Fine-tuning has dozens of hyperparameters, multiple training strategies, and evolving best practices. Trying to memorize all of this is futile. But encoding it into a skill that you can invoke, test, and improve makes this knowledge permanently accessible and actionable.

Traditional ApproachSkill-First Approach
Read tutorials, forget detailsBuild skill, query anytime
Notes scattered across filesSingle authoritative source
Knowledge decays over timeSkill improves with use
Cannot delegate to AIAI executes your skill

By the end of this chapter, your llmops-fine-tuner skill will guide you through:

  • Dataset preparation and validation
  • Model and adapter configuration
  • Training loop setup and monitoring
  • Checkpoint management and export

Step 1: Clone a Fresh Skills-Lab

Start with a clean environment.
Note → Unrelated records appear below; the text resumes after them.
(* Let $a_0,a_1,\dots,a_k\ge 0$, $\delta>1$ and $m>0$ be real numbers, and let $r=m^{-1/(\delta-1)}$. If $s=\sum_{i=0}^k a_i\ge 1$ and $a_i\le rs$ for all $1\le i\le k$, then $$m\big(a_0+c a_1^\delta+\dots+c a_k^\delta\big)\le c s^\delta$$ for every $c\ge m$. *)

From mathcomp Require Import all_boot all_order all_algebra.
From mathcomp Require Import all_classical all_reals all_analysis.

From mathcomp Require Import all_boot all_order all_algebra.
From mathcomp Require Import all_classical all_reals all_analysis.
From mathcomp Require Import ring.
Import Order.TTheory GRing.Theory Num.Theory.
Local Open Scope ring_scope.

(* Write c s^delta = sum_i c a_i s^(delta-1) and compare termwise: for i = 0
   use m <= c and s^(delta-1) >= 1; for i >= 1, raising a_i <= r s to the
   power delta - 1 gives m a_i^(delta-1) <= s^(delta-1), since
   r^(delta-1) = 1/m. *)

Lemma powR_Ninv_powR (R : realType) (m e : R) : 0 <= m -> e != 0 ->
  (m `^ (- e^-1)) `^ e = m^-1.
Proof. by move=> m0 e0; rewrite -powRrM mulNr mulVf // powR_inv1. Qed.

Lemma mul_powR_le_of_le_root (R : realType) (m e x s : R) :
  0 < m -> 0 < e -> 0 <= x -> 0 <= s ->
  x <= m `^ (- e^-1) * s -> m * x `^ e <= s `^ e.
Proof.
move=> m0 e0 x0 s0 xle.
have r0 : 0 <= m `^ (- e^-1) by apply: powR_ge0.
have : x `^ e <= (m `^ (- e^-1) * s) `^ e.
  by apply: ge0_ler_powR; rewrite ?nnegrE ?mulr_ge0 // ltW.
rewrite powRM // powR_Ninv_powR ?(ltW m0) ?gt_eqF // => le_xr.
rewrite -(ler_pM2l (_ : 0 < m^-1)) ?invr_gt0 //.
by rewrite mulrA mulVf ?gt_eqF // mul1r.
Qed.

Section TermwiseBounds.
Context {R : realType} {delta m s c : R}.
Hypotheses (hdelta : 1 < delta) (hm : 0 < m) (hs : 1 <= s) (hc : m <= c).

Let c0 : 0 < c. Proof. exact: lt_le_trans hc. Qed.

Lemma head_term_le (x : R) : 0 <= x -> m * x <= c * x * s `^ (delta - 1).
Proof.
move=> x0; have se1 : 1 <= s `^ (delta - 1).
  by rewrite -{1}(powRr0 s) (ler_powR hs) // subr_ge0 ltW.
apply: (le_trans (ler_wpM2r x0 hc)).
by rewrite -{1}[c * x]mulr1 ler_wpM2l // mulr_ge0 // ltW.
Qed.

Lemma tail_term_le (x : R) : 0 <= x ->
  x <= m `^ (- (delta - 1)^-1) * s ->
  m * (c * x `^ delta) <= c * x * s `^ (delta - 1).
Proof.
move=> x0 xle; have d0 : 0 < delta by apply: lt_trans hdelta.
have le_pow : m * x `^ (delta - 1) <= s `^ (delta - 1).
  by apply: mul_powR_le_of_le_root; rewrite ?subr_gt0 // (le_trans ler01).
rewrite -(mulr_powRB1 x0 d0).
have -> : m * (c * (x * x `^ (delta - 1))) = c * x * (m * x `^ (delta - 1)).
  by ring.
by rewrite ler_wpM2l // mulr_ge0 // ltW.
Qed.

End TermwiseBounds.

Theorem lemma2p6 (R : realType) (k : nat) (a : nat -> R) (delta m : R)
  (ha : forall i, (i <= k)%N -> 0 <= a i)
  (hdelta : 1 < delta) (hm : 0 < m)
  (hs : 1 <= \sum_(0 <= i < k.+1) a i)
  (hr : forall i, (1 <= i <= k)%N ->
     a i <= m `^ (- (delta - 1)^-1) * \sum_(0 <= i < k.+1) a i) :
  forall c : R, m <= c ->
    m * (a 0%N + \sum_(1 <= i < k.+1) c * a i `^ delta)
      <= c * (\sum_(0 <= i < k.+1) a i) `^ delta.
Proof.
move=> c hc; set s := \sum_(0 <= i < k.+1) a i in hs hr *.
have s0 : 0 <= s by apply: le_trans hs.
have d0 : 0 < delta by apply: lt_trans hdelta.
have -> : c * s `^ delta = \sum_(0 <= i < k.+1) c * a i * s `^ (delta - 1).
  rewrite -(mulr_powRB1 s0 d0) {1}/s big_distrl big_distrr.
  by apply: eq_bigr => i _; exact: mulrA.
rewrite mulrDr big_distrr [leRHS]big_ltn // lerD //.
  exact: head_term_le hdelta hm hs hc _ (ha 0 (leq0n k)).
apply: ler_sum_nat => i /andP[i1 ik].
have hi : (1 <= i <= k)%N by rewrite i1.
exact: tail_term_le hdelta hm hs hc _ (ha _ ik) (hr _ hi).
Qed.
(* Rotating a generic direction by a half turn through an independent generic
   direction shows that exactly half of A lies in the lower half of P. *)
Lemma lowA_half g : nonzero g -> generic P g -> ((lowA g).*2 = size A)%N.
Proof.
move=> nzg gen; have N0 := lt0r_neq0 (sqr_norm_gt0 nzg).
pose q := (- g.2, g.1).
have qg : det q g != 0.
  by rewrite /det /= (_ : _ - _ = - (g.1 * g.1 + g.2 * g.2)) ?oppr_eq0 //; ring.
have [s [_ _ sn]] := exists_between (crits P q g) ltr01.
have genk := generic_fam qg sn.
have gk : det g (fam q g s) != 0.
  by rewrite /det /= (_ : _ - _ = g.1 * g.1 + g.2 * g.2) //; ring.
have ngk : det (opp g) (fam q g s) != 0.
  by rewrite /det /= (_ : _ - _ = - (g.1 * g.1 + g.2 * g.2)) ?oppr_eq0 //; ring.
have genn : generic P (opp g).
  by move=> x y xP yP xy; rewrite !lin_opp eqr_opp gen.
have := lowA_connect gk gen genk; have := lowA_connect ngk genn genk.
rewrite lowA_opp // => <-; have := count_size (lower P g) A; rewrite /lowA; lia.
Qed.

(* Some direction is generic, so |A| is twice its lowA. *)
Lemma size_A_even : ~~ odd (size A).
Proof.
have bd : det (1, 0) (0, 1) != 0 :> R by rewrite /det /= mulr1 mulr0 subr0 oner_eq0.
have [s [_ _ sn]] := exists_between (crits P (1, 0) (0, 1)) ltr01.
by rewrite -(lowA_half (fam_nonzero bd s) (generic_fam bd sn)) odd_double.
Qed.

Lemma halving_transfer a b : a \in A -> b \in A -> halving A a b = halving P a b.
Proof.
move=> aA bA; case: (eqVneq a b) => [<-|ab]; first by rewrite /halving !eqxx !andbF.
have aP := A_sub_P aA; have bP := A_sub_P bA.
have [f [nzf genf ra rb sides]] := pivot_direction uP gpP aP bP ab.
rewrite (halving_neg gpP uA A_sub_P aA bA ab size_A_even).
rewrite (halving_neg gpP uP (fun _ => id) aP bP ab evP) -ra.
have predE m n : (0 < n)%N -> (m == n.-1) = (m.+1 == n).
  by move=> n0; rewrite -eqSS prednK.
have halfA := lowA_half nzf genf.
rewrite -halfA doubleK !predE ?half_gt0 ?(two_points uP aP bP ab) //; last first.
  by rewrite -double_gt0 halfA (ltn_trans _ (two_points uA aA bA ab)).
rewrite eq_sym; apply: (@count_pivot _ A (rank P f) _ a b) => //.
- by rewrite orient_first ltxx.
- by rewrite orient_second ltxx.
- by move=> x xA; apply: sides; apply: A_sub_P.
Qed.
End Components.

Theorem mainTheorem5 (R : realFieldType) (P A : seq (point R)) :
  uniq P -> general_position P -> ~~ odd (size P) ->
  uniq A -> union_of_components P A ->
  ~~ odd (size A) /\
  (forall a b, a \in A -> b \in A -> halving A a b = halving P a b).
Proof.
move=> uP gpP evP uA compA; split; first exact: (size_A_even uP gpP evP uA compA).
exact: (halving_transfer uP gpP evP uA compA).
Qed.
(* Fix an integer base $B\ge 2$. Let $m$ be a positive integer such that $mn$ is economical for every economical positive integer $n$. Then $m$ is frugal.
   Context: For a positive integer $n$, $\delta(n)$ is the number of digits of $n$ in base $B$, i.e. $\delta(n)=k$ iff $B^{k-1}\le n<B^k$. Define $\delta'(1)=0$ and $\delta'(a)=\delta(a)$ for $a>1$. If $n=\prod_{i} p_i^{a_i}$ is the prime power factorisation, set $\phi(n)=\sum_i \big(\delta(p_i)+\delta'(a_i)\big)$ (with $\phi(1)=0$), and $h(n)=\delta(n)-\phi(n)$. $n$ is economical if $h(n)\ge0$ and frugal if $h(n)>0$. *)

From mathcomp Require Import all_boot all_order all_algebra.
Set Implicit Arguments. Unset Strict Implicit. Unset Printing Implicit Defensive.
Import GRing.Theory Num.Theory.

(* delta B n = number of base-B digits of n (for n >= 1, B >= 2):
   delta B n = k  iff  B^(k-1) <= n < B^k.  trunc_log B n is the largest e
   with B^e <= n. *)
Definition delta (B n : nat) : nat := (trunc_log B n).+1.

Definition delta' (B a : nat) : nat := if a == 1 then 0 else delta B a.

Definition phi (B n : nat) : nat :=
  \sum_(pa <- prime_decomp n) (delta B pa.1 + delta' B pa.2).

Definition h (B n : nat) : int := (delta B n)%:Z - (phi B n)%:Z.

Definition economical (B n : nat) : bool := (0 <= h B n)%R.
Definition frugal (B n : nat) : bool := (0 < h B n)%R.

From mathcomp Require Import all_boot all_order all_algebra.
From mathcomp Require Import zify.
Set Implicit Arguments. Unset Strict Implicit. Unset Printing Implicit Defensive.

(* If n is coprime to m, satisfies phi n = delta n, and m n has one digit fewer than m and n
   together, then economy of m n reads phi m + phi n <= delta m + delta n - 1, so m is frugal.
   Such an n is built as y u^a v^b.  The primes u, v lie above m, and some ratio u^d / v^c is
   within a factor 1 + 1/m of 1 (pigeonhole on the ratios u^a / v^c with v^c <= u^a < v^(c+1));
   trading u^d against v^c moves y u^a v^b in steps of relative size less than 1/m, which places
   it in [B^K, (1 + 1/m) B^K), i.e. makes m n lose a digit.  The exponents a, b are chosen with
   a fixed number of digits, and y, a product of distinct large primes, makes the digit budget
   exact: it exists because the product of 1 + 1/p over the primes diverges, which is proved
   by counting multiples of primes among the numbers up to 2^t. *)

(** * Digit counts and the cost [phi] *)

Lemma phiE B n :
  phi B n = \sum_(p <- primes n) (delta B p + delta' B (logn p n)).
Proof. by rewrite /phi prime_decompE big_map. Qed.

Lemma coprime_big_prodr (I : Type) (r : seq I) (P : pred I) (F : I -> nat) d :
  (forall i, P i -> coprime d (F i)) -> coprime d (\prod_(i <- r | P i) F i).
Proof.
move=> dF; elim/big_ind: _ => //; first exact: coprimen1.
by move=> x y dx dy; rewrite coprimeMr dx.
Qed.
This prevents state from previous experiments from affecting your work.

# Clone the skills-lab repository
git clone https://github.com/panaversity/skills-lab.git ~/skills-lab-ch64

# Navigate to the directory
cd ~/skills-lab-ch64

# Create the skill directory structure
mkdir -p .claude/skills/llmops-fine-tuner

Output:

Cloning into '/Users/you/skills-lab-ch64'...

Step 2: Write Your LEARNING-SPEC.md

Before creating the skill, define what you are trying to accomplish. This specification guides both your learning and the skill you create.

# LEARNING-SPEC.md

## What I Want to Learn
Supervised fine-tuning of large language models using LoRA/QLoRA with Unsloth
on Colab Free Tier (T4 GPU, 15GB VRAM).

## Why This Matters
I want to create proprietary models that encode my domain expertise,
enabling Digital FTEs that are differentiated from generic foundation models.

## Success Criteria
1. I can explain why LoRA reduces 99% of trainable parameters
2. I can configure hyperparameters (rank, alpha, learning rate) with reasoning
3. I can run a training loop on Colab T4 without OOM errors
4. I can export a fine-tuned model to GGUF for Ollama deployment
5. My skill accurately reflects official Unsloth documentation

## Constraints
- Must work on Colab Free Tier (T4, 15GB VRAM, 12GB RAM)
- Must use Unsloth for 2x speed and 60% memory reduction
- Must produce GGUF output for local deployment

## Running Example
Fine-tune a model to become a Task API Assistant (from Chapter 40)
that understands task management domain language.

Save this file:

# Create the learning spec
cat > LEARNING-SPEC.md << 'EOF'
# LEARNING-SPEC.md

## What I Want to Learn
Supervised fine-tuning of large language models using LoRA/QLoRA with Unsloth
on Colab Free Tier (T4 GPU, 15GB VRAM).

## Why This Matters
I want to create proprietary models that encode my domain expertise,
enabling Digital FTEs that are differentiated from generic foundation models.

## Success Criteria
1. I can explain why LoRA reduces 99% of trainable parameters
2. I can configure hyperparameters (rank, alpha, learning rate) with reasoning
3. I can run a training loop on Colab T4 without OOM errors
4. I can export a fine-tuned model to GGUF for Ollama deployment
5. My skill accurately reflects official Unsloth documentation

## Constraints
- Must work on Colab Free Tier (T4, 15GB VRAM, 12GB RAM)
- Must use Unsloth for 2x speed and 60% memory reduction
- Must produce GGUF output for local deployment

## Running Example
Fine-tune a model to become a Task API Assistant (from Chapter 40)
that understands task management domain language.
EOF

Step 3: Fetch Official Documentation

The skill must be grounded in official documentation, not AI memory which may be outdated or hallucinated.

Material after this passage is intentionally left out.